Items from a data source

Lemma improper_integral_antiderivative (f F : R -> R) (a0 b0 La Lb : R) :
  a0 < b0 ->
  (forall x, a0 < x < b0 -> is_derive F x (f x)) ->
  (forall x, a0 < x < b0 -> continuous f x) ->
  (forall eps, 0 < eps -> exists d, 0 < d /\
     forall x, a0 < x < a0 + d -> Rabs (F x - La) < eps) ->
  (forall eps, 0 < eps -> exists d, 0 < d /\
     forall x, b0 - d < x < b0 -> Rabs (F x - Lb) < eps) ->
  improper_integral f a0 b0 (Lb - La).
Proof.
  intros Hab Hder Hcont HA HB eps Heps.
  destruct (HA (eps / 2) ltac:(lra)) as [dA [HdA HFa]].
  destruct (HB (eps / 2) ltac:(lra)) as [dB [HdB HFb]].
  exists (Rmin dA dB); split; [apply Rmin_glb_lt; lra |].
  intros c d Hc Hd Hcd.
  pose proof (Rmin_l dA dB); pose proof (Rmin_r dA dB).
  assert (HI : is_RInt f c d (minus (F d) (F c))).
  { apply (is_RInt_derive (V := R_CompleteNormedModule) F f);
      intros x Hx; rewrite Rmin_left, Rmax_right in Hx by lra;
      [apply Hder | apply Hcont]; lra. }
  assert (pr : Riemann_integrable f c d) by (apply ex_RInt_Reals_0; eexists; exact HI).
  exists pr. rewrite <- RInt_Reals, (is_RInt_unique _ _ _ _ HI).
  specialize (HFa c ltac:(lra)). specialize (HFb d ltac:(lra)).
  unfold minus, plus, opp; simpl.
  replace (F d + - F c - (Lb - La)) with ((F d - Lb) - (F c - La)) by ring.
  eapply Rle_lt_trans; [apply Rabs_triang |]. rewrite Rabs_Ropp. lra.
Qed.

Lemma asin_near_one (eta : R) : 0 < eta ->
  exists d, 0 < d /\ forall u, 1 - d < u <= 1 -> PI / 2 - eta < asin u.
Proof.
  intros Heta. pose proof PI_RGT_0.
  set (x0 := PI / 2 - Rmin eta (PI / 2) / 2).
  assert (Hmin : 0 < Rmin eta (PI / 2) <= PI / 2).
  { split; [apply Rmin_glb_lt; lra | apply Rmin_r]. }
  pose proof (Rmin_l eta (PI / 2)).
  assert (Hsin : 0 < sin x0 < 1).
  { split; [apply sin_gt_0; unfold x0; lra |].
    rewrite <- sin_PI2. apply sin_increasing_1; unfold x0; lra. }
  exists (1 - sin x0); split; [lra |].
  intros u Hu.
  destruct (Rle_or_lt (asin u) x0) as [Hle | Hlt]; [| unfold x0 in Hlt; lra].
  pose proof (asin_bound u).
  assert (sin (asin u) <= sin x0).
  { destruct (Req_dec (asin u) x0) as [E | E]; [rewrite E; lra |].
    apply Rlt_le, sin_increasing_1; unfold x0 in *; lra. }
  rewrite sin_asin in H2 by lra. lra.
Qed.

(** * Wallis' integrals and polynomials in cos^2 *)

(** [wallis k = (2k-1)!! / (2k)!!]. *)
Fixpoint wallis (k : nat) : R :=
  match k with
  | O => 1
  | S k' => wallis k' * (2 * INR k' + 1) / (2 * INR k' + 2)
  end.

(** [int_{-pi/2}^{pi/2} cos^(2k) = pi * wallis k]; the recursion comes from
    differentiating [cos^(2k+1) * sin], which vanishes at both ends. *)
Lemma is_RInt_cos2_pow (k : nat) :
  is_RInt (fun x => (cos x ^ 2) ^ k) (-(PI / 2)) (PI / 2) (PI * wallis k).
Proof.
  induction k as [| k IH].
  - replace (PI * wallis 0) with (scal (PI / 2 - - (PI / 2)) 1)
      by (unfold scal; simpl; unfold mult; simpl; field).
    exact (is_RInt_const (V := R_CompleteNormedModule) _ _ 1).
  - set (D := fun x => cos x ^ (2 * k + 1) * sin x).
    set (D' := fun x => (2 * INR k + 2) * (cos x ^ 2) ^ S k - (2 * INR k + 1) * (cos x ^ 2) ^ k).
    assert (HD : is_RInt D' (-(PI / 2)) (PI / 2) 0).
    { replace 0 with (minus (D (PI / 2)) (D (-(PI / 2)))).
      2: { unfold D, minus, plus, opp; simpl.
           rewrite cos_neg, cos_PI2, pow_i by lia. ring. }
      apply (is_RInt_derive (V := R_CompleteNormedModule) D D').
      - intros x _. unfold D, D'. auto_derive; [easy |].
        replace (k + (k + 0) + 1)%nat with (S (2 * k)) by lia.
        cbn [Init.Nat.pred]. rewrite S_INR, mult_INR. simpl INR.
        rewrite <- !pow_mult. replace (2 * S k)%nat with (S (S (2 * k))) by lia.
        assert (Hs : sin x * sin x = 1 - cos x * cos x)
          by (pose proof (sin2_cos2 x); unfold Rsqr in *; lra).
        cbn [pow]. set (p := cos x ^ (2 * k)).
        apply Rminus_diag_uniq.
        transitivity ((- ((1 + 1) * INR k + 1) * p) * (sin x * sin x - (1 - cos x * cos x)));
          [ring | rewrite Hs; ring].
      - intros x _. apply continuous_of_ex_derive. unfold D'. auto_derive. easy. }
    assert (Hk : 0 < 2 * INR k + 2) by (pose proof (pos_INR k); lra).
    assert (H := is_RInt_scal _ _ _ (/ (2 * INR k + 2)) _
                   (is_RInt_plus _ _ _ _ _ _ HD (is_RInt_scal _ _ _ (2 * INR k + 1) _ IH))).
    eapply is_RInt_ext; [| replace (PI * wallis (S k)) with
      (scal (/ (2 * INR k + 2)) (plus 0 (scal (2 * INR k + 1) (PI * wallis k)))); [exact H |]].
    + intros x _. unfold D', scal, plus; simpl; unfold mult; simpl. field. lra.
    + unfold scal, plus; simpl; unfold mult; simpl. field. lra.
Qed.

Fixpoint poly_eval (l : list R) (k : nat) (y : R) : R :=
  match l with nil => 0 | c :: l' => c * y ^ k + poly_eval l' (S k) y end.
Fixpoint poly_moment (l : list R) (k : nat) : R :=
  match l with nil => 0 | c :: l' => c * wallis k + poly_moment l' (S k) end.

Lemma is_RInt_poly_cos2 (l : list R) (k : nat) :
  is_RInt (fun x => poly_eval l k (cos x ^ 2)) (-(PI / 2)) (PI / 2) (PI * poly_moment l k).
Proof.
  revert k; induction l as [| c l IH]; intros k; simpl.
  - replace (PI * 0) with (scal (PI / 2 - - (PI / 2)) 0)
      by (unfold scal; simpl; unfold mult; simpl; ring).
    exact (is_RInt_const (V := R_CompleteNormedModule) _ _ 0).
  - replace (PI * (c * wallis k + poly_moment l (S k)))
      with (plus (scal c (PI * wallis k)) (PI * poly_moment l (S k)))
      by (unfold scal, plus; simpl; unfold mult; simpl; ring).
    exact (is_RInt_plus _ _ _ _ _ _ (is_RInt_scal _ _ _ c _ (is_RInt_cos2_pow k)) (IH (S k))).
Qed.

(** * The substitution sin phi = sin b * sin theta *)

(** With [y = cos^2 theta]: [gsub a y] is [cos^2 phi] and [zsub a y] is
    [cos^2 phi + a], where [a = cos^2 b]. *)
Definition gsub (a y : R) : R := a + (1 - a) * y.
Definition zsub (a y : R) : R := 2 * a + (1 - a) * y.

(** The transformed integrand of [I_(2k+1)], smooth on the whole line. *)
Definition reduced (a : R) (k : nat) (x : R) : R :=
  gsub a (cos x ^ 2) ^ k / sqrt (zsub a (cos x ^ 2)).

Definition reduced_prim (a : R) (k : nat) (x : R) : R :=
  RInt (reduced a k) (-(PI / 2)) x.

Lemma cos2_bounds (x : R) : 0 <= cos x ^ 2 <= 1.
Proof.
  pose proof (sin2_cos2 x). unfold Rsqr in H.
  split; [apply pow2_ge_0 | simpl; nra].
Qed.

Lemma zsub_pos (a y : R) : 0 < a < 1 -> 0 <= y -> 0 < zsub a y.
Proof. intros; unfold zsub; nra. Qed.

Lemma reduced_ex_derive (a : R) (k : nat) (x : R) : 0 < a < 1 -> ex_derive (reduced a k) x.
Proof.
  intros Ha. pose proof (zsub_pos a (cos x ^ 2) Ha (proj1 (cos2_bounds x))) as Hz.
  unfold reduced, gsub, zsub in *.
  auto_derive. split; [lra |]. split; [| easy]. apply Rgt_not_eq, sqrt_lt_R0; lra.
Qed.

Lemma reduced_ex_RInt (a : R) (k : nat) (u v : R) : 0 < a < 1 -> ex_RInt (reduced a k) u v.
Proof.
  intros Ha. apply (ex_RInt_continuous (V := R_CompleteNormedModule)).
  intros; apply continuous_of_ex_derive, reduced_ex_derive, Ha.
Qed.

> [PROBLEM TO WORK ON] In the data above, find each line that has the word "Fixpoint" and copy it out.

> [RESPONSE TO THE TASK]
Fixpoint wallis (k : nat) : R :=
Fixpoint poly_eval (l : list R) (k : nat) (y : R) : R :=
Fixpoint poly_moment (l : list R) (k : nat) : R :=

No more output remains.